Previous Activities

  • Identified invertebrates within local environment. Used pitfall traps and shake technique to survey.  Investigated habitats and the protection for invertebrates
  • School camp McLaren’s Falls (intro/student training incl next year’s classes): stream investigation and bush study

We have been very busy with a range of Wild actions underway with teacher Angela and a classroom of very keen kids.
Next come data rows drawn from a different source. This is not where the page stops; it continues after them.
Definition weaved_flag (K : nat -> {vspace L}) (m : nat -> nat) (k : nat) (alpha : L)
  : seq {vspace L} :=
  flatten [seq [seq (\sum_(t < j) (K i * <[alpha_i alpha m i.+1 ^+ t]>))%VS
               | j <- iota 1 (m i.+1 %/ m i - 1)]
          | i <- iota 1 k].

Definition orbit_flag (beta : L) (A : seq {vspace L}) : seq {vspace L} -> Prop :=
  fun C => exists j : nat, C = [seq (U * <[beta ^+ j]>)%VS | U <- A].

End FlagDefs.

(* Every subspace F^i_j of the weaved flag is an F_{q^m_1}-module, so the
   translates of the flag by beta^i and beta^j coincide when beta^(j-i) lies
   in F_{q^m_1}; otherwise, by hypothesis, w := beta^(j-i) is not even in
   F_{q^m_k}, and the distance is computed subspace by subspace.  Since
   alpha_(i+1) has degree L_(i+1) over F_{q^m_i}, F^i_j has dimension j m_i.
   All F^i_j other than F^k_2 lie in F_{q^m_k}, so their two translates meet
   trivially and contribute twice their dimension.  F^k_2 only occurs when
   n = 3 m_k, and then its two translates span the whole field, which gives
   the contribution 2 (n - 2 m_k). *)

From HB Require Import structures.
From mathcomp Require Import all_boot all_order all_algebra all_field.
From mathcomp Require Import zify.
Import GRing.Theory.
Set Implicit Arguments. Unset Strict Implicit. Unset Printing Implicit Defensive.

Lemma dvdn_subn1_expn q a b : (a %| b)%N -> (q ^ a - 1 %| q ^ b - 1)%N.
Proof.
case/dvdnP=> c ->; rewrite mulnC expnM; case: (q ^ a)%N => [|x].
  by case: c => [|c]; rewrite ?expn0 ?exp0n.
rewrite subn1 /= -eqn_mod_dvd ?expn_gt0 // -modnXm.
by rewrite -[x.+1]addn1 modnDl modnXm exp1n.
Qed.

Lemma prim_root_neq0 (R : nzRingType) d (z : R) : (d.-primitive_root z)%R -> (z != 0)%R.
Proof.
move=> prim_z; apply/eqP=> z0; have := prim_expr_order prim_z.
by rewrite z0 expr0n gtn_eqF ?(prim_order_gt0 prim_z) // => /esym/eqP; rewrite oner_eq0.
Qed.

Section FiniteFields.
Variables (F : finFieldType) (L : fieldExtType F).
Local Notation q := #|F|.

Lemma subfield_dvdn_dimS (K1 K2 : {subfield L}) :
  (\dim K1 %| \dim K2)%N -> (K1 <= K2)%VS.
Proof.
case/dvdnP=> c dimK2; apply/subvP=> x; rewrite !Fermat's_little_theorem dimK2.
move/eqP=> xK1; rewrite mulnC expnM; elim: c {dimK2} => [|c IHc]; first by rewrite expr1.
by rewrite expnSr exprM (eqP IHc) xK1.
Qed.

Lemma prim_root_mem_subfield (E : {subfield L}) d (z : L) :
  (d.-primitive_root z)%R -> (z \in E) = (d %| q ^ \dim E - 1)%N.
Proof.
move=> prim_z; have z_neq0 := prim_root_neq0 prim_z.
have qE_gt0 : (0 < q ^ \dim E)%N by rewrite expn_gt0 (ltnW (finNzRing_gt1 F)).
rewrite Fermat's_little_theorem (prim_order_dvd prim_z) /=.
have {1}-> : (q ^ \dim E = (q ^ \dim E - 1).+1)%N by rewrite subn1 prednK.
by rewrite exprS -[X in _ == X]mulr1 (inj_eq (mulfI z_neq0)).
Qed.

Lemma dim_subfield_prim_root (E : {subfield L}) e (z : L) :
  ((q ^ e - 1).-primitive_root z)%R -> z \in E -> (e <= \dim E)%N.
Proof.
move=> prim_z; rewrite (prim_root_mem_subfield _ prim_z) => /dvdn_leq.
have q_gt1 := finNzRing_gt1 F; have qE_gt1 : (1 < q ^ \dim E)%N.
  by rewrite -{1}(expn0 q) ltn_exp2l // adim_gt0.
by rewrite subn_gt0 leq_sub2rE ?(ltnW qE_gt1) // leq_exp2l //; apply.
Qed.

End FiniteFields.

Section PowerSpan.
Variables (F0 : fieldType) (L : fieldExtType F0).
Implicit Types (K E : {subfield L}) (U : {vspace L}) (x w : L).

(* [pow_span F_(q^m_i) alpha_(i+1) j] is the paper's [F^i_j]. *)
Definition pow_span K x j : {vspace L} := (\sum_(t < j) (K * <[x ^+ t]>))%VS.

Lemma pow_span1 K x : pow_span K x 1 = K.
Proof. by rewrite /pow_span big_ord1 expr0 prodv1. Qed.

Lemma pow_spanS K x j : pow_span K x j.+1 = (pow_span K x j + K * <[x ^+ j]>)%VS.
Proof. by rewrite /pow_span big_ord_recr. Qed.

Lemma mem1_pow_span K x j : (0 < j)%N -> (1 \in pow_span K x j)%R.
Proof.
move=> j_gt0; apply: (subvP (sumv_sup (Ordinal j_gt0) _ _)) => //=.
by rewrite expr0 prodv1 mem1v.
Qed.

Lemma pow_span_module K x j : (K * pow_span K x j <= pow_span K x j)%VS.
Proof.
rewrite /pow_span big_distrr /=; apply/subv_sumP => t _.
by rewrite prodvA prodv_id (sumv_sup t).
Qed.

Lemma pow_span_sub K E x j : (K <= E)%VS -> x \in E -> (pow_span K x j <= E)%VS.
Proof.
move=> sKE xE; apply/subv_sumP => t _; apply: prodv_sub => //.
by rewrite -memvE rpredX.
Qed.

Lemma Fadjoin_pow_span K x : <<K; x>>%VS = pow_span K x (adjoin_degree K x).
Proof. exact: Fadjoin_eq_sum. Qed.

Lemma dim_pow_spanD K x j c : (x != 0)%R ->
  (\dim (pow_span K x (j + c)) <= \dim (pow_span K x j) + c * \dim K)%N.
Proof.
move=> x_neq0; elim: c => [|c IHc]; first by rewrite mul0n !addn0.
rewrite addnS pow_spanS mulSn addnCA; apply: (leq_trans (dimv_add_leqif _ _).1).
by rewrite dim_cosetv ?expf_neq0 // addnC leq_add2l.
Qed.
  • Tree planting in school grounds followed student survey of school grounds, local gardens and their own backyard to identify wildlife/biodiversity needs including food and water sources, habitat and protection for invertebrates.
  • omo_map25 minute bird counts and pest monitoring with PFO volunteers
  • Rodent monitoring and trapping at sites within local reserves (waterview, Hamurana, Crapp)
  • Wild research project results reported to parents through newsletters and display
  • Installed bird tables and ‘bug habitat’ structures, constructed bird feeders
  • Interschool Conservation Week competition
  •  Native bird and eel research projects including interactions with Elvis the eel!

A big adventure in our own ‘backyard’

Omokoroa Golf Club manager Adam has been working to increase the health of the stream that flows though the golf course.

Omokoroa Point Schools Room 7 and their passionate teacher Anglea armed with plenty of knowledge about eels and stream life went to investigate if all the hard work was paying off.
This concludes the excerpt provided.